Касьян, опершись на изгородь, проводил вестового, пока тот не скрылся, не свернул к кому-то в заулок, и, тяжело ворочая думу, как впотьмах, вернулся под навес.

Там он долго, опустошённо стоял перед верстаком, обвиснув руками, ни к чему не притрагиваясь.

«Ну дак чево там… Всё к тому и шло… — думал Касьян, привязавшись взглядом к щёлке в стене, сквозь которую протянулся под навес солнечный лучик. — Вон и трактора в эмтээсе вместе с людьми забрали. Стало быть, армия уже своим не обходится, коли по сусекам начинают мести».

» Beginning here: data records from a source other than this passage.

Lemma grB n x y : mpow n x -> mpow n y -> pi n (x - y) = pi n x - pi n y.
Proof.
move=> hx hy; apply: (addIr (pi n y)).
by rewrite subrK -grD ?subrK //; apply: mpowB.
Qed.

Lemma gr_eqm n x y : mpow n x -> mpow n y -> mpow n.+1 (x - y) -> pi n x = pi n y.
Proof.
move=> hx hy hxy; apply/eqP; rewrite -subr_eq0 -grB //.
exact/eqP/(gr_eq0 (mpowB hx hy)).
Qed.

Lemma gr_sum n (I : finType) (F : I -> R) :
  (forall i, mpow n (F i)) -> pi n (\sum_i F i) = \sum_i pi n (F i).
Proof.
move=> hF; suff [] : pi n (\sum_i F i) = \sum_i pi n (F i) /\ mpow n (\sum_i F i) by [].
apply: (big_ind2 (fun a b => pi n a = b /\ mpow n a)) => //.
- by rewrite gr0; split => //; apply: mpow0.
- by move=> a b c d [<- ha] [<- hc]; rewrite grD //; split => //; apply: mpowD.
Qed.

Lemma gr1 : pi 0 1 = 1.
Proof.
have [N [x [hx e]]] := gr_decomp 1.
rewrite -[LHS]mulr1 {1 2}e mulr_sumr; apply: eq_bigr => n _.
by rewrite -(grM (I : @mpow R 0 1) (hx n)) mul1r.
Qed.

Lemma grX n x : mpow 1 x -> pi n (x ^+ n) = pi 1 x ^+ n.
Proof.
move=> hx; elim: n => [|n IH]; first by rewrite !expr0 gr1.
by rewrite !exprS grM1 ?IH //; apply: mpowX.
Qed.

Lemma gr_widen N P (x : nat -> R) : (N <= P)%N ->
  \sum_(n < N) pi n (x n) = \sum_(n < P) pi n (if (n < N)%N then x n else 0).
Proof.
move=> hNP; rewrite (big_ord_widen P (fun n => pi n (x n))) // big_mkcond.
by apply: eq_bigr => i _; case: ifP; rewrite ?gr0.
Qed.

Lemma gr_single n x : \sum_(m < n.+1) pi m (if m == n :> nat then x else 0) = pi n x.
Proof.
rewrite big_ord_recr /= eqxx big1 ?add0r // => i _.
by rewrite ltn_eqF ?gr0.
Qed.

Lemma gr_factor (t : R) N (x : nat -> R) :
  (forall n, (n < N)%N -> exists2 z, mpow n.-1 z & pi n (x n) = pi 1 t * pi n.-1 z) ->
  exists g, \sum_(n < N) pi n (x n) = pi 1 t * g.
Proof.
move=> hz.
have hz' n : exists z, (n < N)%N -> mpow n.-1 z /\ pi n (x n) = pi 1 t * pi n.-1 z.
  by case: (ltnP n N) => [/hz [z hz1 hz2]|hn]; [exists z | exists 0].
pose z n := proj1_sig (constructive_indefinite_description _ (hz' n)).
have hzP n : (n < N)%N -> mpow n.-1 (z n) /\ pi n (x n) = pi 1 t * pi n.-1 (z n).
  by rewrite /z; case: constructive_indefinite_description.
exists (\sum_(n < N) pi n.-1 (z n)); rewrite mulr_sumr; apply: eq_bigr => n _.
by case: (hzP n (ltn_ord n)).
Qed.

Definition gr_size (g : G) : nat :=
  proj1_sig (constructive_indefinite_description _ (gr_decomp g)).

Definition gr_comp (g : G) : nat -> R :=
  proj1_sig (constructive_indefinite_description _
    (proj2_sig (constructive_indefinite_description _ (gr_decomp g)))).

Lemma gr_compP g :
  (forall n, mpow n (gr_comp g n)) /\ g = \sum_(n < gr_size g) pi n (gr_comp g n).
Proof.
rewrite /gr_comp /gr_size; case: (constructive_indefinite_description _ _) => N /= hN.
by case: constructive_indefinite_description.
Qed.

End AssocGraded.

Section Coordinates.
Variable R : comNzRingType.
Hypothesis R_local : local_ring R.
Variable h : nat -> nat.
Hypothesis R_hilb : forall n, hilb_rank R n (h n).

Local Notation k := (residue_field R_local).
Local Notation resid := (resid R_local).
Local Notation unresid := (@unresid R R_local).

Definition basis n : 'I_(h n) -> R :=
  proj1_sig (constructive_indefinite_description _ (R_hilb n)).
Arguments basis : clear implicits.

Lemma basis_spec n :
  [/\ (forall i, mpow n (basis n i)),
      (forall y, mpow n y -> exists r, mpow n.+1 (y - \sum_i r i * basis n i)) &
      (forall r, mpow n.+1 (\sum_i r i * basis n i) -> forall i, maxid (r i))].
Proof. by rewrite /basis; case: constructive_indefinite_description => x [? []]. Qed.

Lemma mpow_comb n (r : 'I_(h n) -> R) : mpow n (\sum_i r i * basis n i).
Proof. by case: (basis_spec n) => hb _ _; apply: mpow_sum => i; apply: mpowM. Qed.

(* Junk: [coef n y] is [0] when [y] is not in [m^n]. *)
Definition coef n y : 'I_(h n) -> R :=
  if excluded_middle_informative (mpow n y) is left H
  then proj1_sig (constructive_indefinite_description _
         (let: And3 _ hs _ := basis_spec n in hs y H))
  else fun _ => 0.
Arguments coef : clear implicits.

Lemma coefP n y : mpow n y -> mpow n.+1 (y - \sum_i coef n y i * basis n i).
Proof.
rewrite /coef; case: excluded_middle_informative => // H _.
by case: constructive_indefinite_description.
Qed.

Definition coord n y : 'rV[k]_(h n) := \row_i resid (coef n y i).
Definition uncoord n (v : 'rV[k]_(h n)) : R := \sum_i unresid (v 0 i) * basis n i.
Arguments coord : clear implicits.
Arguments uncoord : clear implicits.

Lemma uncoord_mpow n v : mpow n (uncoord n v).
Proof. exact: mpow_comb. Qed.

Lemma coord_by_basis n y (r : 'I_(h n) -> R) :
  mpow n y -> mpow n.+1 (y - \sum_i r i * basis n i) -> coord n y = \row_i resid (r i).
Proof.
move=> hy hr; apply/rowP => i; rewrite !mxE; apply/(resid_eq R_local).
case: (basis_spec n) => _ _ /(_ (fun i => coef n y i - r i)); apply.
have -> : \sum_i (coef n y i - r i) * basis n i =
   (y - \sum_i r i * basis n i) - (y - \sum_i coef n y i * basis n i).
  by rewrite (eq_bigr (fun i => coef n y i * basis n i - r i * basis n i)) ?sumrB;
    [ring | move=> j _; rewrite mulrBl].
by apply: mpowB => //; apply: coefP.
Qed.

Lemma coordD n x y : mpow n x -> mpow n y -> coord n (x + y) = coord n x + coord n y.
Proof.
move=> hx hy; rewrite (@coord_by_basis n (x + y) (fun i => coef n x i + coef n y i)).
- by apply/rowP => i; rewrite !mxE (residD R_local).
- exact: mpowD.
have -> : x + y - \sum_i (coef n x i + coef n y i) * basis n i =
  (x - \sum_i coef n x i * basis n i) + (y - \sum_i coef n y i * basis n i).
  by rewrite (eq_bigr (fun i => coef n x i * basis n i + coef n y i * basis n i))
    ?big_split /=; [ring | move=> j _; rewrite mulrDl].
by apply: mpowD; apply: coefP.
Qed.

Lemma coordZ n c y : mpow n y -> coord n (c * y) = resid c *: coord n y.
Proof.
move=> hy; rewrite (@coord_by_basis n (c * y) (fun i => c * coef n y i)).
- by apply/rowP => i; rewrite !mxE (residM R_local).
- exact: mpowM.
have -> : c * y - \sum_i (c * coef n y i) * basis n i = c * (y - \sum_i coef n y i * basis n i).
  by rewrite mulrBr mulr_sumr; congr (_ - _); apply: eq_bigr => j _; rewrite mulrA.
by apply: mpowM; apply: coefP.
Qed.

Lemma coord0 n : coord n 0 = 0.
Proof. by rewrite -(mul0r 0) coordZ ?(resid0 R_local) ?scale0r //; apply: mpow0. Qed.

Lemma coordB n x y : mpow n x -> mpow n y -> coord n (x - y) = coord n x - coord n y.
Proof.
move=> hx hy; rewrite coordD //; last exact: mpowN.
rewrite -[- y]mulN1r coordZ //.
by rewrite (residN R_local) (resid1 R_local) scaleN1r.
Qed.

Lemma coord_sum n (I : finType) (F : I -> R) :
  (forall i, mpow n (F i)) -> coord n (\sum_i F i) = \sum_i coord n (F i).
Proof.
move=> hF; suff [] : \sum_i coord n (F i) = coord n (\sum_i F i) /\ mpow n (\sum_i F i) by [].
apply: (big_ind2 (fun a b => a = coord n b /\ mpow n b)) => //.
- by rewrite coord0; split => //; apply: mpow0.
- by move=> a b c d [-> hb] [-> hd]; rewrite coordD //; split => //; apply: mpowD.
Qed.

Lemma coord_eq0 n y : mpow n y -> coord n y = 0 <-> mpow n.+1 y.
Proof.
move=> hy; split=> [/rowP c0|hy1]; last first.
  rewrite (@coord_by_basis n y (fun _ => 0)) //.
    by apply/rowP => i; rewrite !mxE (resid0 R_local).
  by rewrite big1 ?subr0 // => i _; rewrite mul0r.
rewrite -(subrK (\sum_i coef n y i * basis n i) y); apply: mpowD; first exact: coefP.
apply: mpow_sum => i; case: (basis_spec n) => hb _ _.
have /(resid_eq0 R_local) hc : resid (coef n y i) = 0 by have := c0 i; rewrite !mxE.
by rewrite -add1n; apply: mpow_mul => //; apply/(mpow1P R_local).
Qed.

Lemma coord_eq n x y : mpow n x -> mpow n y -> coord n x = coord n y <-> mpow n.+1 (x - y).
Proof.
move=> hx hy; rewrite -(coord_eq0 (mpowB hx hy)) coordB //.
by split=> [->|/eqP]; [rewrite subrr | rewrite subr_eq0 => /eqP].
Qed.
Lemma odd_sumn_RLD2 s x : odd (p + q) -> x \in [:: p; q] ->
  odd (sumn (RLD2 s x)) = odd (sumn s).
Proof. by move=> pq_odd x_pq; rewrite sumn_cat sumn_RLD_Opp // oddM pq_odd. Qed.

Lemma odd_sumn_RLD_pq u : odd (p + q) ->
  odd (sumn (RLD p u)) (+) odd (sumn (RLD q u)) = odd (sumn u).
Proof.
move=> pq_odd; have := sumn_RLD_Opp u (mem_head p [:: q]).
by rewrite /Opp eqxx => /(congr1 odd); rewrite oddD oddM pq_odd.
Qed.

Definition count_period (s : seq nat) (n L : nat) : nat :=
  count (exact_period (A_seq s) ^~ L) (words [:: p; q] n).

Lemma count_period_gt s n L : 2 ^ uphalf n < L -> count_period s n L = 0.
Proof.
move=> big_L; apply/eqP; rewrite -leqn0 leqNgt -has_count; apply/hasPn => w.
rewrite mem_words => /andP[/eqP size_w w_pq]; apply/negP.
move/(exact_period_le _ (iter_A_seq_period s w_pq)).
by rewrite size_w expn_gt0 /= => /(_ isT); rewrite leqNgt big_L.
Qed.

Lemma count_period_even s n L : ~~ odd (size s) ->
  count_period s n.+1 L = count_period (RLD p s) n L + count_period (RLD q s) n L.
Proof.
move=> s_even; rewrite /count_period /= cats0 count_cat !count_map.
by congr (_ + _); apply: eq_count => w /=; rewrite exact_period_A_seq_even // !inE eqxx ?orbT.
Qed.

Lemma count_period_odd s n L : p != q -> odd (size s) ->
  count_period s n.+1 L =
    if odd L then 0 else count_period (RLD2 s p) n L./2 + count_period (RLD2 s q) n L./2.
Proof.
move=> pq s_odd; rewrite /count_period /= cats0 count_cat !count_map.
have [L_odd | L_even] := boolP (odd L).
  rewrite !(@eq_count _ _ pred0) ?count_pred0 // => w /=;
    by rewrite exact_period_A_seq_odd ?L_odd // !inE eqxx ?orbT.
by congr (_ + _); apply: eq_count => w /=;
  rewrite exact_period_A_seq_odd ?L_even // !inE eqxx ?orbT.
Qed.

Lemma count_period1 t : p != q -> count_period t 1 2 = if odd (size t) then 2 else 0.
Proof.
move=> pq; have [t_odd | t_even] := boolP (odd (size t)).
  by rewrite count_period_odd.
by rewrite count_period_even.
Qed.

Lemma count_period_odd2 s m k : p != q -> odd (size s) ->
  count_period s m.+2 (2 ^ k.+1) =
    (count_period (RLD p (RLD2 s p)) m (2 ^ k) + count_period (RLD q (RLD2 s p)) m (2 ^ k)) +
    (count_period (RLD p (RLD2 s q)) m (2 ^ k) + count_period (RLD q (RLD2 s q)) m (2 ^ k)).
Proof.
move=> pq s_odd; rewrite count_period_odd // expnS mul2n odd_double doubleK.
by rewrite !count_period_even ?size_RLD2_even.
Qed.

Lemma count_period_main_even s j : ~~ odd (size s) -> count_period s j.*2.+3 (2 ^ j.+2) = 0.
Proof.
move=> s_even; have big : 2 ^ uphalf j.*2.+2 < 2 ^ j.+2.
  by rewrite -doubleS uphalf_double ltn_exp2l.
by rewrite count_period_even // !count_period_gt.
Qed.

Lemma count_period_main j s : odd (p + q) ->
  count_period s j.*2.+3 (2 ^ j.+2) =
    if odd (size s) && odd (sumn s) then 2 ^ j.+3 else 0.
Proof.
move=> pq_odd; have pq : p != q by apply: contraTneq pq_odd => ->; rewrite addnn odd_double.
have parity x y t : x \in [:: p; q] -> odd (size (RLD y (RLD2 t x))) = odd (sumn t).
  by move=> x_pq; rewrite size_RLD odd_sumn_RLD2.
elim: j s => [|j IH] s; (have [s_odd | s_even] := boolP (odd (size s));
  last by rewrite count_period_main_even); rewrite /= count_period_odd2 //.
  by rewrite !count_period1 // !parity ?inE ?eqxx ?orbT //; case: odd.
rewrite !IH !parity ?inE ?eqxx ?orbT //; case: (boolP (odd (sumn s))) => //= sum_odd.
have pair_sum u : odd (sumn u) ->
    (if odd (sumn (RLD p u)) then 2 ^ j.+3 else 0) +
    (if odd (sumn (RLD q u)) then 2 ^ j.+3 else 0) = 2 ^ j.+3.
  move=> u_odd; have := odd_sumn_RLD_pq u pq_odd; rewrite u_odd.
  by case: odd; case: odd; rewrite ?addn0.
by rewrite !pair_sum ?odd_sumn_RLD2 ?inE ?eqxx ?orbT // addnn -mul2n -expnS.
Qed.

End Automaton.

Lemma cardE_count (T : finType) (P : pred T) : #|P| = count P (enum T).
Proof. by rewrite cardE /enum_mem size_filter /= (@eq_filter _ _ predT) ?filter_predT. Qed.

Section StateAutomaton.

Variables (p q : nat) (s : seq nat).
Hypotheses (p_gt0 : 0 < p) (q_gt0 : 0 < q).
Hypotheses (s_nil : s != [::]) (s_pq : all (mem [:: p; q]) s).
Lemma dW'_lower_bound {X} (D : X -> X -> R) f g a x y : is_metric D ->
  dW' D f g a -> x <> y -> D (f x) (f y) - a * D x y <= D (g x) (g y).
Proof.
  intros Hm Hw Hxy. pose proof (dist_pos D Hm x y Hxy) as Hp.
  assert (Hb : Rabs (D (f x) (f y) - D (g x) (g y)) / D x y <= a).
  { apply (proj1 Hw). right. now exists x, y. }
  apply Rmult_le_compat_r with (r := D x y) in Hb; [|lra].
  replace (Rabs (D (f x) (f y) - D (g x) (g y)) / D x y * D x y)
    with (Rabs (D (f x) (f y) - D (g x) (g y))) in Hb by (field; lra).
  pose proof (Rle_abs (D (f x) (f y) - D (g x) (g y))). lra.
Qed.

Lemma dW_lipschitz_parts {X} (D : X -> X -> R) f fi g gi r : dW D f fi g gi r ->
  exists a b, dW' D f g a /\ dW' D fi gi b /\ 0 <= a /\ 0 <= b /\ a + b <= r.
Proof.
  intros [c [a [b [[a0 [b0 [Ha0 [Hb0 ->]]]] [Ha [Hb ->]]]]]].
  exists a, b.
  pose proof (sup_nonneg_nonneg _ _ Ha0). pose proof (sup_nonneg_nonneg _ _ Hb0).
  pose proof (sup_nonneg_nonneg _ _ Ha). pose proof (sup_nonneg_nonneg _ _ Hb).
  refine (conj Ha (conj Hb _)). repeat split; lra.
Qed.

Section RobustExpansivity.
Context {X : Type} (D : X -> X -> R) (f fi g gi : X -> X) (k c0 : R).
Hypotheses (D_metric : is_metric D)
  (f_hyperbolic : forall x y, D x y < c0 ->
     k * D x y <= D (f x) (f y) \/ k * D x y <= D (fi x) (fi y)).

Lemma perturbed_expansion a b x y :
  dW' D f g a -> dW' D fi gi b -> a <= (k - 1) / 2 -> b <= (k - 1) / 2 -> D x y < c0 ->
  (k + 1) / 2 * D x y <= Rmax (D (g x) (g y)) (D (gi x) (gi y)).
Proof.
  intros Ha Hb Ha' Hb' Hxy. destruct (classic (x = y)) as [<-|Hne].
  - rewrite (dist_xx D D_metric), Rmult_0_r.
    eapply Rle_trans; [apply (dist_nonneg D D_metric)| apply Rmax_l].
  - pose proof (dist_nonneg D D_metric x y).
    destruct (f_hyperbolic x y Hxy) as [Hh|Hh].
    + pose proof (dW'_lower_bound D f g a x y D_metric Ha Hne).
      eapply Rle_trans; [|apply Rmax_l]. nra.
    + pose proof (dW'_lower_bound D fi gi b x y D_metric Hb Hne).
      eapply Rle_trans; [|apply Rmax_r]. nra.
Qed.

Трактора гнали вчера под вечер полевым шляхом по-за Касьяновой деревней, и многие бегали смотреть. Взяли пока одни гусеничные. Сперва прошли два старых «Челябинца» без кабин, с притороченными сзади бочками запасного горючего. Машины, выхаркивая из патрубков керосиновую вонь, торопко мотали гусеницами, топили их в пухлой дорожной пыли, и та, растревоженно клубясь в вечернем безветрии, уже толсто осела и на жарко-потные, сочащиеся автолом распахнутые моторы, и на привязанные бочки, черневшие бархатными подтёками, и на самих верхнеставцовских трактористов, успевших за четыре версты пути зарасти пылью до серой безликой неузнаваемости. Касьян и впрямь не узнал ни одного из троих, сидевших на первом тракторе, и только во втором углядел Ванюшку Путятина, который эту весну работал на ихних полях. Рядом с Ванюшкой тряслась всем дробненьким телом какая-то девчонка в туго обвязанном вокруг шеи платком, тоже в недвижной, омертвелой маске из пыли, — должно быть, Ванюшкина зазноба, увязавшаяся провожать, может, до самой станции, все тридцать пять вёрст. Ванюшкин напарник уступил ей своё место, пересел на головную машину, и они вдвоём, дыша этой пылью, разлучённые грохотом и тряской, немо коротали свои последние часочки.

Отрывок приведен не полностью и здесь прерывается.